Optimally that's done by a different person than the one who transcribed the talk. You might find someone to do QC on your subtitle in the IRC.
However, if you can't find anyone it's still better to do it yourself than to not publish the work.

Most important is to check for (auto-)timing errors, and to adjust timing if necessary.
That is again done in Amara.

As during the transcription process, please save your draft regularly and note the timecode of how far you got in the subtitles interface.

When you've finished reviewing a subtitle you can finalize it by hitting 'Publish' on Amara.

Optionally you can also mark the subtitles track as finished in the subtitles interface, but the cronjob scripts extracting content from Amara does that for you a few minutes later anyway.

The subtitles track is now finished and ready for publication, which will automatically be done via script upload to the medie.ccc.de CDN, where it is now available to everyone.

Translation of subtitles

If there's a finished subtitles track in native language the time has come to start translations.
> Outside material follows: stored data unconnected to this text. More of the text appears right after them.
Definition dmon (j : 'I_3) (a b e : nat) (v : 'cV[R]_3) : R :=
  match nat_of_ord j with
  | 0 => a%:R * cX v ^+ a.-1 * cY v ^+ b * cZ v ^+ e
  | 1 => cX v ^+ a * (b%:R * cY v ^+ b.-1) * cZ v ^+ e
  | _ => cX v ^+ a * cY v ^+ b * (e%:R * cZ v ^+ e.-1)
  end.

Definition hpart (d : nat) (c : nat -> nat -> R) (j : 'I_3) (v : 'cV[R]_3) : R :=
  \sum_(a < d.+1) \sum_(b < (d - a).+1) c a b * dmon j a b (d - a - b) v.

Definition Fmap (d : nat) (F : 'I_3 -> nat -> nat -> R) (v : 'cV[R]_3) : 'cV[R]_3 :=
  \col_i heval d (F i) v.
Definition Jac (d : nat) (F : 'I_3 -> nat -> nat -> R) (v : 'cV[R]_3) : 'M[R]_3 :=
  \matrix_(i, j) hpart d (F i) j v.

(* F defines a holomorphic map P^2 -> P^2: no common zero besides 0 *)
Definition holo_map d F : Prop := forall v, Fmap d F v = 0 -> v = 0.

(* the line l = {[v] | a v = 0}, a a nonzero linear form *)
Definition lform (a : 'rV[R]_3) (v : 'cV[R]_3) : R := (a *m v) ord0 ord0.

Definition line_invariant d F (a : 'rV[R]_3) : Prop :=
  forall v, v != 0 -> lform a v = 0 -> lform a (Fmap d F v) = 0.

Definition is_fixed d F (v : 'cV[R]_3) : Prop := exists c : R, Fmap d F v = c *: v.

Definition proportional (u v : 'cV[R]_3) : Prop := exists c : R, u = c *: v.

(* Differential of f at a fixed point [p] with F(p) = c p: Df_p is the map
   induced by M := c^-1 * DF(p) on T_p P^2 = R^3 / R p (M p = d p by Euler).
   lam, mu are the eigenvalues of Df_p (the roots of its characteristic
   polynomial, with multiplicity), lam being the eigenvalue on T_p l = L / R p,
   L = ker a. *)
Definition Df_eigenvalues d F (a : 'rV[R]_3) (p : 'cV[R]_3) (lam mu : R) : Prop :=
  exists c : R, c != 0 /\ Fmap d F p = c *: p /\
    let M := c^-1 *: Jac d F p in
    char_poly M = ('X - (d%:R)%:P) * ('X - lam%:P) * ('X - mu%:P) /\
    exists w : 'cV[R]_3, lform a w = 0 /\ ~ proportional w p /\
      exists t : R, M *m w = lam *: w + t *: p.
(* Let $p,q\geq 0$ be integers and let $M$ be a $(p+q)\times(p+q)$ complex matrix with $M=M^*$ and $M^*I_{p,q}M=I_{p,q}$. Then \[ \operatorname{rank}(M-I_{p,q})+\operatorname{rank}(M+I_{p,q})\leq p+q. \]
   Context: $I_{p,q}=\mathrm{diag}\{I_p,-I_q\}$, where $I_p$ is the $p\times p$ identity matrix; $M^*$ denotes the conjugate transpose of $M$. The set of such $M$ is denoted $\mathbf{U}_s(p,q)$ (self-adjoint elements of the pseudo-unitary group $\mathbf{U}(p,q)=\{M\in\mathbf{GL}(p+q,\mathbb{C}):M^*I_{p,q}M=I_{p,q}\}$). *)

From mathcomp Require Import all_boot all_order all_algebra all_field.
Set Implicit Arguments. Unset Strict Implicit. Unset Printing Implicit Defensive.
Import GRing.Theory Num.Theory.
Local Open Scope ring_scope.

(* Complex numbers are modelled by algC (algebraically closed field of
   characteristic 0 with complex conjugation). *)

Definition adjmx (m n : nat) (M : 'M[algC]_(m, n)) : 'M[algC]_(n, m) :=
  (map_mx (fun z : algC => z^*) M)^T.

Definition Ipq (p q : nat) : 'M[algC]_(p + q) :=
  block_mx 1%:M 0 0 (- 1%:M).

From mathcomp Require Import all_boot all_order all_algebra all_field.
Set Implicit Arguments. Unset Strict Implicit. Unset Printing Implicit Defensive.
Import GRing.Theory.
Local Open Scope ring_scope.

(* Since M = M^*, the hypothesis reads M J M = J with J = I_{p,q}, so A := M J is
   an involution. Then (A - 1)(A + 1) = 0, whence rank (A - 1) + rank (A + 1) <= n
   by Sylvester's inequality, and M -+ J = (A -+ 1) J has the rank of A -+ 1
   because J is invertible. *)

Section Involutions.

Variables (F : fieldType) (n : nat).
Implicit Types A J M : 'M[F]_n.

Lemma involution_rank_sub1_add1_le A :
  A *m A = 1%:M -> (\rank (A - 1%:M)%R + \rank (A + 1%:M)%R <= n)%N.
Proof.
move=> AA; apply: mulmx0_rank_max.
by rewrite mulmxBl mulmxDr AA mul1mx mulmx1 opprD addrA addrK subrr.
Qed.

Lemma rank_sub_add_le_of_twisted_involution J M :
  J *m J = 1%:M -> M *m J *m M = J ->
  (\rank (M - J)%R + \rank (M + J)%R <= n)%N.
Proof.
move=> JJ MJM; set A := M *m J.
have J_free : row_free J by rewrite row_free_unit; case: (mulmx1_unit JJ).
have MsubJ : M - J = (A - 1%:M) *m J by rewrite mulmxBl mul1mx -mulmxA JJ mulmx1.
have MaddJ : M + J = (A + 1%:M) *m J by rewrite mulmxDl mul1mx -mulmxA JJ mulmx1.
rewrite MsubJ MaddJ !mxrankMfree //; apply: involution_rank_sub1_add1_le.
by rewrite mulmxA MJM.
Qed.

End Involutions.

Lemma Ipq_involutive (p q : nat) : Ipq p q *m Ipq p q = 1%:M.
Proof.
rewrite /Ipq mulmx_block !mul1mx !mul0mx !mulmx0 !addr0 !add0r.
by rewrite mulmxN mulNmx mulmx1 opprK scalar_mx_block.
Qed.

Theorem corollary3p3 (p q : nat) (M : 'M[algC]_(p + q)) :
  adjmx M = M ->
  adjmx M *m Ipq p q *m M = Ipq p q ->
  (\rank (M - Ipq p q)%R + \rank (M + Ipq p q)%R <= p + q)%N.
Proof.
move=> M_selfadj; rewrite M_selfadj.
exact/rank_sub_add_le_of_twisted_involution/Ipq_involutive.
Qed.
To do this, you also work on this video on Amara. There you add a new language and now you can translate from the native language to the one you want to translate to.

If you do this translation starting from the finished language in the Amara editor, the timing of the native language is kept and this part of the process can be later skipped. Apart from that, everything else works very similar to doing the original transcription. If you pause your work or have it finished, please also mark that in our subtitles interface.

en/postprocessing/contribute.1546882876.txt.gz · Last modified: 2020/09/19 22:03 (external edit)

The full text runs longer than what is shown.